◆ Task goal ◆
Collect all lines containing the word "iterates" from the data.

◆ Information ◆
::::::

(* Let $S\subset\mathbb{R}^d$ be a nonempty compact convex set with diameter $D:=\sup_{x,y\in S}\|x-y\|$, and let $f$ be differentiable on $S$ with $L$-Lipschitz gradient on $S$ (not necessarily convex). Let $G:=\sup_{x\in S}\|\nabla f(x)\|<\infty$, fix $C\ge\max\{LD^2,\,GD\}$ with $C>0$, and let $f^*:=\inf_{x\in S}f(x)$. Let $\delta\ge0$ and suppose that for every $x\in S$ a vector $g_\delta(x)\in\mathbb{R}^d$ is available with \[ \big|\langle \nabla f(x)-g_\delta(x),\,s-x\rangle\big|\le\delta\,\|\nabla f(x)\|\quad\text{for all } s\in S. \] Let $\mathcal G(x):=\max_{s\in S}\langle\nabla f(x),\,x-s\rangle$ (the Frank–Wolfe gap) and $\tilde{\mathcal G}(x):=\max_{s\in S}\langle g_\delta(x),\,x-s\rangle$. Given $x^0\in S$, define iterates for $k=0,1,2,\dots$ by choosing $s^k\in\arg\min_{s\in S}\langle g_\delta(x^k),\,s-x^k\rangle$, setting \[ \overline\alpha_k:=\frac{\big(\tilde{\mathcal G}(x^k)-\delta\|\nabla f(x^k)\|\big)_+}{C},\qquad x^{k+1}:=x^k+\overline\alpha_k(s^k-x^k), \] where $(u)_+:=\max\{u,0\}$. Then for every $K\ge0$, \[ \min_{0\le k\le K}\big(\mathcal G(x^k)-2\delta\|\nabla f(x^k)\|\big)_+\le\sqrt{\frac{2C\,(f(x^0)-f^* )}{K+1}}. \]
   Context: $\|\cdot\|$ is the Euclidean norm and $\langle\cdot,\cdot\rangle$ the Euclidean inner product. *)

From HB Require Import structures.
From mathcomp Require Import all_boot all_order all_algebra.
From mathcomp Require Import all_classical all_reals all_analysis.
Set Implicit Arguments. Unset Strict Implicit. Unset Printing Implicit Defensive.
Import Order.TTheory GRing.Theory Num.Theory.
Import numFieldNormedType.Exports.
Local Open Scope classical_set_scope.
Local Open Scope ring_scope.

Definition dotp (R : realType) (d : nat) (u v : 'rV[R]_d) : R :=
  \sum_(i < d) u ord0 i * v ord0 i.

Definition enorm (R : realType) (d : nat) (u : 'rV[R]_d) : R :=
  Num.sqrt (dotp u u).

Definition grad (R : realType) (d : nat) (f : 'rV[R]_d -> R) (x : 'rV[R]_d)
  : 'rV[R]_d := \row_(i < d) ('D_(delta_mx ord0 i) f x).

Definition posp (R : realType) (u : R) : R := Num.max u 0.

Definition diam (R : realType) (d : nat) (S : set 'rV[R]_d) : R :=
  sup [set enorm (x - y) | x in S & y in S].

Definition fw_gap (R : realType) (d : nat) (S : set 'rV[R]_d)
  (g : 'rV[R]_d -> 'rV[R]_d) (x : 'rV[R]_d) : R :=
  sup [set dotp (g x) (x - s) | s in S].

From HB Require Import structures.
From mathcomp Require Import all_boot all_order all_algebra.
From mathcomp Require Import all_classical all_reals all_analysis.
From mathcomp Require Import ring lra.
Import Order.TTheory GRing.Theory Num.Theory.
Import numFieldNormedType.Exports.
Local Open Scope classical_set_scope.
Local Open Scope ring_scope.
Set Implicit Arguments. Unset Strict Implicit.

(* Let gap~ be the Frank-Wolfe gap of the inexact oracle and
   a_k = (gap~(x^k) - delta |grad f(x^k)|)_+, so that x^{k+1} = x^k + (a_k / C) (s^k - x^k).
   The oracle error bound gives
   <grad f(x^k), s^k - x^k> <= -(gap~(x^k) - delta |grad f(x^k)|);
   with C >= L D^2 the descent lemma then yields f(x^k) - f(x^{k+1}) >= a_k^2 / (2 C),
   and C >= G D keeps a_k / C <= 1, so the iterates stay in S.  Telescoping,
   sum_k a_k^2 <= 2 C (f(x^0) - inf_S f).  Finally a_k >= (gap(x^k) - 2 delta |grad f(x^k)|)_+
   since the exact and inexact gaps differ by at most delta |grad f(x^k)|, and a minimum is
   bounded by the quadratic mean. *)

Section InnerProduct.
Variables (R : realType) (d : nat).
Implicit Types (u v w : 'rV[R]_d).

Lemma dotpC u v : dotp u v = dotp v u.
Proof. by apply: eq_bigr => i _; rewrite mulrC. Qed.

Lemma dotpDl u v w : dotp (u + v) w = dotp u w + dotp v w.
Proof. by rewrite /dotp -big_split; apply: eq_bigr => i _; rewrite mxE mulrDl. Qed.

Lemma dotpZl a u w : dotp (a *: u) w = a * dotp u w.
Proof. by rewrite /dotp mulr_sumr; apply: eq_bigr => i _; rewrite mxE mulrA. Qed.

Lemma dotpNl u w : dotp (- u) w = - dotp u w.
Proof. by rewrite -scaleN1r dotpZl mulN1r. Qed.

Lemma dotpBl u v w : dotp (u - v) w = dotp u w - dotp v w.
Proof. by rewrite dotpDl dotpNl. Qed.

Lemma dotpZr a u w : dotp w (a *: u) = a * dotp w u.
Proof. by rewrite dotpC dotpZl dotpC. Qed.

Lemma dotpNr u w : dotp w (- u) = - dotp w u.
Proof. by rewrite dotpC dotpNl dotpC. Qed.

Lemma dotpBr u v w : dotp w (u - v) = dotp w u - dotp w v.
Proof. by rewrite dotpC dotpBl !(dotpC w). Qed.

Lemma dotp0r u : dotp u 0 = 0.
Proof. by rewrite /dotp big1 // => i _; rewrite mxE mulr0. Qed.

Lemma dotpp_ge0 u : 0 <= dotp u u.
Proof. by apply: sumr_ge0 => i _; rewrite -expr2 sqr_ge0. Qed.

Lemma dotpp_eq0 u : (dotp u u == 0) = (u == 0).
Proof.
apply/idP/eqP => [|->]; last by rewrite dotp0r.
rewrite psumr_eq0 => [/allP u0|i _]; last by rewrite -expr2 sqr_ge0.
apply/rowP => i; rewrite mxE.
by have := u0 i (mem_index_enum _); rewrite -expr2 sqrf_eq0 => /eqP.
Qed.

Lemma dotp_sqr_le u v : dotp u v ^+ 2 <= dotp u u * dotp v v.
Proof.
have [v0|vn0] := eqVneq v 0.
  by rewrite v0 !dotp0r expr0n mulr0.
have vv_gt0 : 0 < dotp v v by rewrite lt_def dotpp_eq0 vn0 dotpp_ge0.
(* expand  0 <= |<v,v> u - <u,v> v|^2 = <v,v> (<u,u><v,v> - <u,v>^2) *)
have := dotpp_ge0 (dotp v v *: u - dotp u v *: v).
rewrite !(dotpBl, dotpBr, dotpZl, dotpZr) (dotpC v u) (mulrC (dotp v v) (dotp u v)).
by rewrite subrr mulr0 subr0 pmulr_rge0 // subr_ge0 expr2 (mulrC (dotp u u)).
Qed.

Lemma enorm_ge0 u : 0 <= enorm u.
Proof. exact: sqrtr_ge0. Qed.

Lemma enorm_sqr u : enorm u ^+ 2 = dotp u u.
Proof. by rewrite sqr_sqrtr // dotpp_ge0. Qed.

Lemma normr_dotp_le u v : `|dotp u v| <= enorm u * enorm v.
Proof.
rewrite -ler_sqr ?nnegrE ?mulr_ge0 ?enorm_ge0 //.
by rewrite exprMn !enorm_sqr real_normK ?num_real // dotp_sqr_le.
Qed.

Lemma dotp_le u v : dotp u v <= enorm u * enorm v.
Proof. exact: le_trans (ler_norm _) (normr_dotp_le u v). Qed.

Lemma enormZ a u : enorm (a *: u) = `|a| * enorm u.
Proof.
rewrite /enorm dotpZl dotpZr mulrA sqrtrM; last by rewrite -expr2 sqr_ge0.
by rewrite -expr2 sqrtr_sqr.
Qed.

End InnerProduct.

Section Gradient.
Variables (R : realType) (d : nat).
Implicit Types (y w : 'rV[R]_d) (f : 'rV[R]_d -> R).

Lemma dotp_grad f y w : differentiable f y -> dotp (grad f y) w = 'D_w f y.
Proof.
move=> df; rewrite deriveE // {2}(row_sum_delta w) linear_sum /dotp.
by apply: eq_bigr => i _; rewrite mxE deriveE // linearZ /= mulrC.
Qed.

Lemma is_derive_line f y w t : differentiable f (y + t *: w) ->
  is_derive t 1 (fun t => f (y + t *: w)) (dotp (grad f (y + t *: w)) w).
Proof.
move=> df.
have quotE : (fun h : R => h^-1 *: (((fun t => f (y + t *: w)) \o shift t) (h *: 1)
                                     - f (y + t *: w)))
  = (fun h => h^-1 *: ((f \o shift (y + t *: w)) (h *: w) - f (y + t *: w))).
  apply/funext => h /=; congr (_ *: (f _ - _)).
  by rewrite /shift /= scaler1 scalerDl addrCA addrA.
split; first by rewrite /derivable quotE; exact: diff_derivable.
by rewrite dotp_grad // /derive quotE.
Qed.

End Gradient.

Lemma convex_segment (R : realType) (d : nat) (S : set 'rV[R]_d) y z t :
  convex_set S -> S y -> S z -> 0 <= t <= 1 -> S (y + t *: (z - y)).
Proof.
move=> cS Sy Sz /andP[t0 t1].
have := cS z y (Itv01 t0 t1); rewrite !in_setE => /(_ Sz Sy).
by congr S; rewrite /conv /= /unstable.onem scalerBl scale1r scalerBr addrCA.
Qed.

Lemma increment_le_of_deriv_le (R : realType) (h h' : R -> R) (c q : R) :
  (forall t : R, 0 <= t <= 1 -> is_derive t 1 h (h' t)) ->
  (forall t : R, 0 < t < 1 -> h' t <= c + q * t) ->
  h 1 <= h 0 + c + q / 2.
Proof.
move=> dh h'_le.
pose k := h - c \*: (@id R) - (q / 2) \*: ((@id R) * (@id R)).
have dk (t : R) : 0 <= t <= 1 -> is_derive t 1 k (h' t - c - q * t).
  move=> t01; have := is_deriveB (is_deriveB (dh t t01)
    (is_deriveZ c (is_derive_id t 1)))
    (is_deriveZ (q / 2) (is_deriveM (is_derive_id t 1) (is_derive_id t 1))).
  move=> dkt; apply: is_derive_eq dkt _.
  have scaleE (a b : R) : a *: b = a * b by [].
  by rewrite !scaleE !mulr1; congr (_ - _); field.
have ck : {within `[0, 1], continuous k}.
  apply: continuous_in_subspaceT => t; rewrite inE /= in_itv /= => t01.
  have [dkt _] := dk t t01.
  by apply: differentiable_continuous; exact/derivable1_diffP.
have [t] : exists2 t, t \in `]0, 1[ & k 1 - k 0 = (h' t - c - q * t) * (1 - 0).
  apply: MVT ltr01 _ ck => t; rewrite in_itv /= => /andP[t0 t1].
  by apply: dk; rewrite !ltW.
rewrite in_itv /= => t01 kE.
have : k 1 - k 0 <= 0.
  by rewrite kE subr0 mulr1; have := h'_le t t01; lra.
change (h 1 - c * 1 - q / 2 * (1 * 1) - (h 0 - c * 0 - q / 2 * (0 * 0)) <= 0 ->
  h 1 <= h 0 + c + q / 2).
lra.
Qed.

::::::

◆ Task solution ◆
(* Let $S\subset\mathbb{R}^d$ be a nonempty compact convex set with diameter $D:=\sup_{x,y\in S}\|x-y\|$, and let $f$ be differentiable on $S$ with $L$-Lipschitz gradient on $S$ (not necessarily convex). Let $G:=\sup_{x\in S}\|\nabla f(x)\|<\infty$, fix $C\ge\max\{LD^2,\,GD\}$ with $C>0$, and let $f^*:=\inf_{x\in S}f(x)$. Let $\delta\ge0$ and suppose that for every $x\in S$ a vector $g_\delta(x)\in\mathbb{R}^d$ is available with \[ \big|\langle \nabla f(x)-g_\delta(x),\,s-x\rangle\big|\le\delta\,\|\nabla f(x)\|\quad\text{for all } s\in S. \] Let $\mathcal G(x):=\max_{s\in S}\langle\nabla f(x),\,x-s\rangle$ (the Frank–Wolfe gap) and $\tilde{\mathcal G}(x):=\max_{s\in S}\langle g_\delta(x),\,x-s\rangle$. Given $x^0\in S$, define iterates for $k=0,1,2,\dots$ by choosing $s^k\in\arg\min_{s\in S}\langle g_\delta(x^k),\,s-x^k\rangle$, setting \[ \overline\alpha_k:=\frac{\big(\tilde{\mathcal G}(x^k)-\delta\|\nabla f(x^k)\|\big)_+}{C},\qquad x^{k+1}:=x^k+\overline\alpha_k(s^k-x^k), \] where $(u)_+:=\max\{u,0\}$. Then for every $K\ge0$, \[ \min_{0\le k\le K}\big(\mathcal G(x^k)-2\delta\|\nabla f(x^k)\|\big)_+\le\sqrt{\frac{2C\,(f(x^0)-f^* )}{K+1}}. \]
   and C >= G D keeps a_k / C <= 1, so the iterates stay in S.  Telescoping,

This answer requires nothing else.